On June 8, PLA soldiers came in and destroyed two self help bunkers (SHBs) on the eastern slope of the ridge, slightly north of Doka La. These SHBs technically fall in Bhutanese territory, but are needed by the Indian soldiers to cover the plateau with effective fire. The Chinese had earlier destroyed two SHBs in the same area in 2008.
On June 16, some 100 men arrived at the ‘turning point’ with 4-5 bulldozers and earthmoving machines to begin work on extending the track southward towards the Jampheri ridge. The Royal Bhutan Army has a fair weather post called Chela Post on the ridge; Indian and Bhutanese army patrols “link” on Jampheri ridge every month. Bhutan claimed in a statement that the Chinese were building a track up to its Zompelri military camp on the ridge.
As the Chinese track construction party began survey and alignment work on the Dolam plateau, Indian soldiers came down from Doka La and formed a human chain to physically prevent the Chinese from working. The Indians also moved down earthmoving machinery with an aim to undo the work to be done by the Chinese. These dozers were highlighted in the pictures that the Chinese Foreign Ministry released on June 29.
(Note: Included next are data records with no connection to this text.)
Lemma ranked_round : exists W', knockout_step beats W W' /\ good_field k W'.
Proof.
have [Z [ZWA cZ stZ]] := middle_step; have [n cR] := card_out_rest_odd ZWA cZ.
have vR : v \notin WA :\: Z by rewrite !inE (negbTE (beats_irr tourn v)) !andbF.
have vwins : {in WA :\: Z, forall a, beats v a} by move=> a; rewrite !inE => /and3P [].
have [Q stQ] := knockout_step_winner tourn vR vwins cR.
have ZQ_A : Z :|: (v |: Q) \subset v |: A.
  rewrite subUset (subset_trans ZWA (subset_trans (subsetIr _ _) (subsetU1 _ _))) /=.
  apply: subset_trans (knockout_step_sub stQ) (setUS _ _).
  exact: subset_trans (subsetDl _ _) (subsetIr _ _).
have st : knockout_step beats W ([set:: s1] :|: Z :|: (v |: Q)).
  rewrite {1}(field_decomp ZWA).
  exact: knockout_stepU (sides_disjoint ZWA) (in_side_step ZWA stZ) stQ.
exists ([set:: s1] :|: Z :|: (v |: Q)); split => //.
apply: (winners_good st); rewrite ?inE ?eqxx ?orbT //.
- by rewrite -setUA subsetUl.
apply/subsetP => x; rewrite in_setI -setUA in_setU => /andP [/orP [//|/(subsetP ZQ_A) xvA] xB].
move: xvA; rewrite in_setU1 => /orP [/eqP xv|xA]; last by have := in_nbhd_notin_out xB; rewrite xA.
by move: xB; rewrite xv (negbTE notin_in_nbhd).
Qed.

End Ranked.

Lemma field_round : exists W', knockout_step beats W W' /\ good_field k W'.
Proof.
have WB_trans : {in WB & &, transitive beats}.
  by move=> y x z /setIP [_ yB] /setIP [_ xB] /setIP [_ zB]; exact: B_trans.
have [s sWB srank] := exists_ranking tourn WB_trans.
have size_s : size s = m.
  by rewrite -(card_uniqP (pairwise_beats_uniq tourn srank)); exact: eq_card.
have lt_mp := field_in_lt_double_out.
pose t := m - p; pose s1 := take t s; pose s23 := drop t s.
apply: (@ranked_round s1 (take (m - 2 * t) s23) (drop (m - 2 * t) s23)).
- by rewrite size_takel // size_s; lia.
- by rewrite size_drop size_drop size_s; lia.
- by rewrite !cat_take_drop.
- by rewrite !cat_take_drop.
Qed.

End Round.

Lemma good_field_champion k W : good_field k W ->
  exists2 s, perm_eq s (enum W) & iter k (knockout_round beats) s = [:: v].
Proof.
elim: k W => [|k IH] W goodW.
  case: goodW => vW cW _ _; exists [:: v] => //.
  suff -> : W = [set v] by rewrite enum_set1.
  by apply/eqP; rewrite eq_sym eqEcard sub1set vW cards1 cW.
have [W' [st goodW']] := field_round goodW.
have [s' ps' ks'] := IH W' goodW'.
have [s ps ks] := knockout_step_seed st ps'.
by exists s; rewrite // iterSr ks.
Qed.

End Champion.

Theorem theorem5 (T : finType) (beats : rel T) (k : nat) (vstar : T) :
  tournament beats ->
  #|T| = 2 ^ k ->
  neighbor_acyclic beats vstar ->
  (forall u : T, ~ is_source beats u) ->
  (* (1) |A| >= |V(D)|/3 *)
  #|T| <= 3 * #|out_nbhd beats vstar| ->
  (* (2) out b <= (|B|/|A|) out vstar, cleared of the denominator |A| *)
  (forall b, b \in in_nbhd beats vstar ->
     outdeg beats b * #|out_nbhd beats vstar|
       <= #|in_nbhd beats vstar| * outdeg beats vstar) ->
  yes_instance beats k vstar.
Proof.
move=> tourn cT [acB _] _ bigA smallB.
have A_gt0 : 0 < #|out_nbhd beats vstar| by move: bigA; rewrite cT; have := expn_gt0 2 k; lia.
have goodT : good_field beats vstar k [set: T].
  split; rewrite ?inE ?cardsT ?setTI //; first by right.
  move=> b bB; apply: out_le_in_of_outdeg => //.
  by rewrite -(leq_pmul2r A_gt0) smallB.
have [s ps ks] := good_field_champion tourn (acyclic_on_trans tourn acB) goodT.
by exists s; split; rewrite // /is_seeding enumT -enum_setT.
Qed.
While the equipment continues to be on standby, soldiers from both sides have pitched tents in the area. After the first couple of days, the Chinese have not attempted to resume construction, and the stand-off continues. There are 300-350 Indian soldiers in the area under a Commanding Officer. The Chinese troops are from the PLA’s 6 Border Defence regiment (Unit-77649).
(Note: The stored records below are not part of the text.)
Lemma lipschitz_continuity_pt (f : R -> R) M x :
  (forall y z, Rabs (f y - f z) <= M * Rabs (y - z)) -> continuity_pt f x.
Proof.
intros Hf eps Heps.
assert (HM : 0 < Rabs M + 1) by (pose proof (Rabs_pos M); lra).
exists (eps / (Rabs M + 1)); split; [apply Rdiv_lt_0_compat; lra|].
intros y [_ Hy]; simpl in *; unfold R_dist in *.
apply Rle_lt_trans with ((Rabs M + 1) * Rabs (y - x)).
- eapply Rle_trans; [apply Hf|]. apply Rmult_le_compat_r; [apply Rabs_pos|].
  pose proof (RRle_abs M); lra.
- apply Rlt_le_trans with ((Rabs M + 1) * (eps / (Rabs M + 1))).
  + apply Rmult_lt_compat_l; lra.
  + right; field; lra.
Qed.

Lemma continuity_pt_comp_retraction (S : R -> Prop) (r f : R -> R) y :
  (forall z, S (r z)) -> (forall z w, Rabs (r z - r w) <= Rabs (z - w)) ->
  filterlim f (within S (locally (r y))) (locally (f (r y))) ->
  continuity_pt (fun z => f (r z)) y.
Proof.
intros HS Hr Hf. apply continuity_pt_filterlim.
apply (filterlim_comp _ _ _ r f _ (within S (locally (r y)))); [|exact Hf].
intros P [d Hd]. exists d. intros z Hz. apply Hd; [|apply HS].
exact (Rle_lt_trans _ _ _ (Hr z y) Hz).
Qed.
Can the troops continue to stay there even in winter?
Yes. Harsh as the weather is at that altitude in winter, both Indian and Chinese troops are accustomed to these conditions. The logistics supply lines and turnover of men is also not a problem because the deployment is only a short distance away from the Indian positions at Doka La.
But why is India so insistent on stopping the road construction?
As acknowledged by New Delhi, Indian troops are technically in Bhutanese territory to prevent the Chinese from extending the Class-5 track up to Jampheri. While Indian insistence on stopping the track construction is in line with its claims on the location of the trijunction, the main reason for taking a strong stance is the military importance of the Jampheri ridge. The MEA noted this in its statement when it said that “such construction would represent a significant change of status quo with serious security implications for India”.
While access to the Jampheri ridge will reduce China’s distance to the “chicken’s neck” in the Siliguri Corridor to around 50 km, that would still not bring it within artillery range. But there are other security implications for the Indian defensive deployment in the area, if the Chinese track reaches Jampheri. The Indian and Bhutanese demand, therefore, is for restoration of the pre-June 16 situation in the area. But China insists that India should withdraw its troops from the area before any talks can take place.
Can the conflict escalate?
Diplomatic engagement can open a way, but a solution that allows both sides to ‘save face’ is not immediately visible. The Chinese have ratcheted up rhetoric through official statements and in state-run media, and the space for a honourable disengagement appears to be shrinking. Though undesirable, an escalation of the conflict remains a possibility. However, the engagement between the two countries during the visit of the Indian National Security Advisor (who is also the Special Representative for talks with China) to Beijing later this month will provide a better answer.